Prompt: Within the entries that follow, report how many lines contain the word "Hright", giving the number by itself.

Saved entries:
▬▬▬▬▬▬▬▬▬▬

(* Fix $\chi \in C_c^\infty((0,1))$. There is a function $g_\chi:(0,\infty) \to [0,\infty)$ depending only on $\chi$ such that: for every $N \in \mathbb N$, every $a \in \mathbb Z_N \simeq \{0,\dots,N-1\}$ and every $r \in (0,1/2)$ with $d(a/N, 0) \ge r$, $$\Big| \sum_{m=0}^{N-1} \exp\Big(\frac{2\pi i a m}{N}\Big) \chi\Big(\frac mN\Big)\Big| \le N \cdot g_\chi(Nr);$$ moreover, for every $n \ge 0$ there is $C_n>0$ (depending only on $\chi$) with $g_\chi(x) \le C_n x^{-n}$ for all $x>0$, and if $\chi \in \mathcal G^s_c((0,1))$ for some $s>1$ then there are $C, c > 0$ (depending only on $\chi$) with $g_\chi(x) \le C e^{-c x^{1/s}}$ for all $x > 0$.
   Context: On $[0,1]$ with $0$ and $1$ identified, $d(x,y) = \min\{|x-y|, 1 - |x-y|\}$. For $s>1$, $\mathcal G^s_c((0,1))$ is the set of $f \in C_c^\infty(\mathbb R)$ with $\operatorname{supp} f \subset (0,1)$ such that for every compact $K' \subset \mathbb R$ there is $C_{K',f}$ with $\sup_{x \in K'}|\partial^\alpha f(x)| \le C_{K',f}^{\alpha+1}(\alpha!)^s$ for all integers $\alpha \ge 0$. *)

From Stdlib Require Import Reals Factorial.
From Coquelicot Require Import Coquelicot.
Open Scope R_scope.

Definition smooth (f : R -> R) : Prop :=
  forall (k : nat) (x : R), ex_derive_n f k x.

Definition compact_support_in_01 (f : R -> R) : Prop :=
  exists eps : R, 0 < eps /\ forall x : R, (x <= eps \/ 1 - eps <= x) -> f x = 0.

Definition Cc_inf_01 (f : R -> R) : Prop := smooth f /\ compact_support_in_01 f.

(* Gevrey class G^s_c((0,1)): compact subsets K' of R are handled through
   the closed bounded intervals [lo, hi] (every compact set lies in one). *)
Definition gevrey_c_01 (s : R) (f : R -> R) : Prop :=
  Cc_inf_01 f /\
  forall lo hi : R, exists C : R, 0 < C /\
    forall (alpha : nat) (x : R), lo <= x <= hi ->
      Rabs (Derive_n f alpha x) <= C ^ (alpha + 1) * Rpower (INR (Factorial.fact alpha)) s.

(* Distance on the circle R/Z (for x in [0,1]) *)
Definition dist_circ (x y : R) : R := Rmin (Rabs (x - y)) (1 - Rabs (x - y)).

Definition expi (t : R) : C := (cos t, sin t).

▬▬▬▬▬▬▬▬▬▬

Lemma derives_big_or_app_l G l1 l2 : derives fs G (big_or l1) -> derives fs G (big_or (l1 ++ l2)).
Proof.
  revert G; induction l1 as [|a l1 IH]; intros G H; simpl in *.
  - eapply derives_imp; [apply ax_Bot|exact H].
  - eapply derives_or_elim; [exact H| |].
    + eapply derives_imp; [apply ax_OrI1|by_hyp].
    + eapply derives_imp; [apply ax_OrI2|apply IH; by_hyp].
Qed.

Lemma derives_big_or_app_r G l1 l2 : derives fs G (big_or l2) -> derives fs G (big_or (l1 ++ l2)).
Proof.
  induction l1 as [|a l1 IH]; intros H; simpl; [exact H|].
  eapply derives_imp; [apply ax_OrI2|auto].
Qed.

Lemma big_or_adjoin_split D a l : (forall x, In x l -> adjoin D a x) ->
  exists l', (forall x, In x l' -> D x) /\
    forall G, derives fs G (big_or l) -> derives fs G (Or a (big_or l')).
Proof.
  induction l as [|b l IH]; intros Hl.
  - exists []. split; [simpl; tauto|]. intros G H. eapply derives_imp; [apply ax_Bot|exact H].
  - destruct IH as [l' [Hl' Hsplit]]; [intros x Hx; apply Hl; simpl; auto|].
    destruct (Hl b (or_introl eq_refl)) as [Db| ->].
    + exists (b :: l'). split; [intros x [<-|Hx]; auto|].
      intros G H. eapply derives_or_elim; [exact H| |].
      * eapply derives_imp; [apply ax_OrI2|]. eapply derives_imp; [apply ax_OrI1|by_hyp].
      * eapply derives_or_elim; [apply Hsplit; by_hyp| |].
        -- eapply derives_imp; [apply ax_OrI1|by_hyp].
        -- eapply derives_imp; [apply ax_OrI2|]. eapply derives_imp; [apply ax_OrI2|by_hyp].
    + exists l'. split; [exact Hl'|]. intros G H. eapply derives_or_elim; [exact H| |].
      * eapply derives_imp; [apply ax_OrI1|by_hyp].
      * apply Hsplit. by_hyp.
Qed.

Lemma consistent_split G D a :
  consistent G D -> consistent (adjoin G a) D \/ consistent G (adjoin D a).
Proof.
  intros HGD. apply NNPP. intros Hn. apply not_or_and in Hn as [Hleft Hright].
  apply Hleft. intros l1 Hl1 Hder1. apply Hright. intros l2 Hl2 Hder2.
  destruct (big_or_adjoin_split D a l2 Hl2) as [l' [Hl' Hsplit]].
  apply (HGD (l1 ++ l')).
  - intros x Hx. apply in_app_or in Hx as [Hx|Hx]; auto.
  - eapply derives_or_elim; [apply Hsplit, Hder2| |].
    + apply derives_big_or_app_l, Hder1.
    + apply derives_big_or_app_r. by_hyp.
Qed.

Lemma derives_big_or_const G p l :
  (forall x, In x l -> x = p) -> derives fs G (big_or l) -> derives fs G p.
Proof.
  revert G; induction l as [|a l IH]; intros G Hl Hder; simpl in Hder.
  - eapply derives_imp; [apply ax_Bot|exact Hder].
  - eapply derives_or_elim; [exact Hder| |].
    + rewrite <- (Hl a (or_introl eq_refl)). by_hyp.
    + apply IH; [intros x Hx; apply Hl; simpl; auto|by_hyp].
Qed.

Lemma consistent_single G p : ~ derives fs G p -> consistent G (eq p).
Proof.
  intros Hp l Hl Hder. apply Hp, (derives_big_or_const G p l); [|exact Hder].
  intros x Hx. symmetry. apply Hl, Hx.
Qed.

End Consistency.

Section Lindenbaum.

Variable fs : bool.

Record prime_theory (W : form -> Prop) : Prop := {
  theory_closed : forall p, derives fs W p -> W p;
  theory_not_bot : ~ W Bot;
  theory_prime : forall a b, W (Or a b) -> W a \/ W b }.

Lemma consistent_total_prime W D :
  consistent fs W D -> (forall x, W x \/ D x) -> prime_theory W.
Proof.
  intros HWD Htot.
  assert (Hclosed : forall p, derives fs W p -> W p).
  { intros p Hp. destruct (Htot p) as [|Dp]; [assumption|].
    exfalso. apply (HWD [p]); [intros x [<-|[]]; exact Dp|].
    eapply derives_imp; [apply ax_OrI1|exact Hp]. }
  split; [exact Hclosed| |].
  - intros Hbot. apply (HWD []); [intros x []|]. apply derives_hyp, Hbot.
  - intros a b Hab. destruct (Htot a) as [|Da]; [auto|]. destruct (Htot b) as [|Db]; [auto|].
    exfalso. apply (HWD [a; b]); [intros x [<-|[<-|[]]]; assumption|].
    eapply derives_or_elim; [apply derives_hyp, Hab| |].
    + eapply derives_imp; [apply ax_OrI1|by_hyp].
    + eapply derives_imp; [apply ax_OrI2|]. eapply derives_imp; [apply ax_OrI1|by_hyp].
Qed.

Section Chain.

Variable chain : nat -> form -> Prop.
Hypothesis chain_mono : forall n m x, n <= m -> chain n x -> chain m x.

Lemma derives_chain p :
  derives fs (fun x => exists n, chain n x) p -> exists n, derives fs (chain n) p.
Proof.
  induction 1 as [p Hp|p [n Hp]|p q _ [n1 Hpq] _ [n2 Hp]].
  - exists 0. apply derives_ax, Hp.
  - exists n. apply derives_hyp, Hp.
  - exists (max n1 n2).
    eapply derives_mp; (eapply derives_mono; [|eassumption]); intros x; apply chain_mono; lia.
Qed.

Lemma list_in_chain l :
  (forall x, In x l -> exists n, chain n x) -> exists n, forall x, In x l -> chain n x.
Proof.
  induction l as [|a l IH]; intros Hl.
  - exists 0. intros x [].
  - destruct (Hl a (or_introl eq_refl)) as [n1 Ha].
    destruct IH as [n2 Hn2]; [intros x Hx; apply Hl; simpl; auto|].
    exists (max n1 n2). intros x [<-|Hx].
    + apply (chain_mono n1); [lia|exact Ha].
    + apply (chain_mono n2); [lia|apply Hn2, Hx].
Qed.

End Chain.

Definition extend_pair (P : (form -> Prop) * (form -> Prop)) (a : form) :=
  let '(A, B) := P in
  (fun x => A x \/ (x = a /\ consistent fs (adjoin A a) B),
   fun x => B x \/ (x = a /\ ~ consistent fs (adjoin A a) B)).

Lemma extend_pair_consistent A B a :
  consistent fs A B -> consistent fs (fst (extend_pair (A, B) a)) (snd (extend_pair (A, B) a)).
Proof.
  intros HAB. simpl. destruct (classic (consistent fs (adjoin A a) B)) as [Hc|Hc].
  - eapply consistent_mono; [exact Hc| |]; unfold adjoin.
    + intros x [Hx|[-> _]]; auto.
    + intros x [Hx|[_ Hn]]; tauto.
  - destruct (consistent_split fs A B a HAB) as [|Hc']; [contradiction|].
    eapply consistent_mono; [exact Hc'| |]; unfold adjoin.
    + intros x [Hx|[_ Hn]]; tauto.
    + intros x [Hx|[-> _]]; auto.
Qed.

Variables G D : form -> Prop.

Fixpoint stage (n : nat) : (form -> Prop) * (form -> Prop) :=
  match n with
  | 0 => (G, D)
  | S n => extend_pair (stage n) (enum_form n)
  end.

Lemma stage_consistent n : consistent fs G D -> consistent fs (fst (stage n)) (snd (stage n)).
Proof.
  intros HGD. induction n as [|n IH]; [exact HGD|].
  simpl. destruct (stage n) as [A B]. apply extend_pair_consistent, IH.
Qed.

▬▬▬▬▬▬▬▬▬▬

Finished task: 2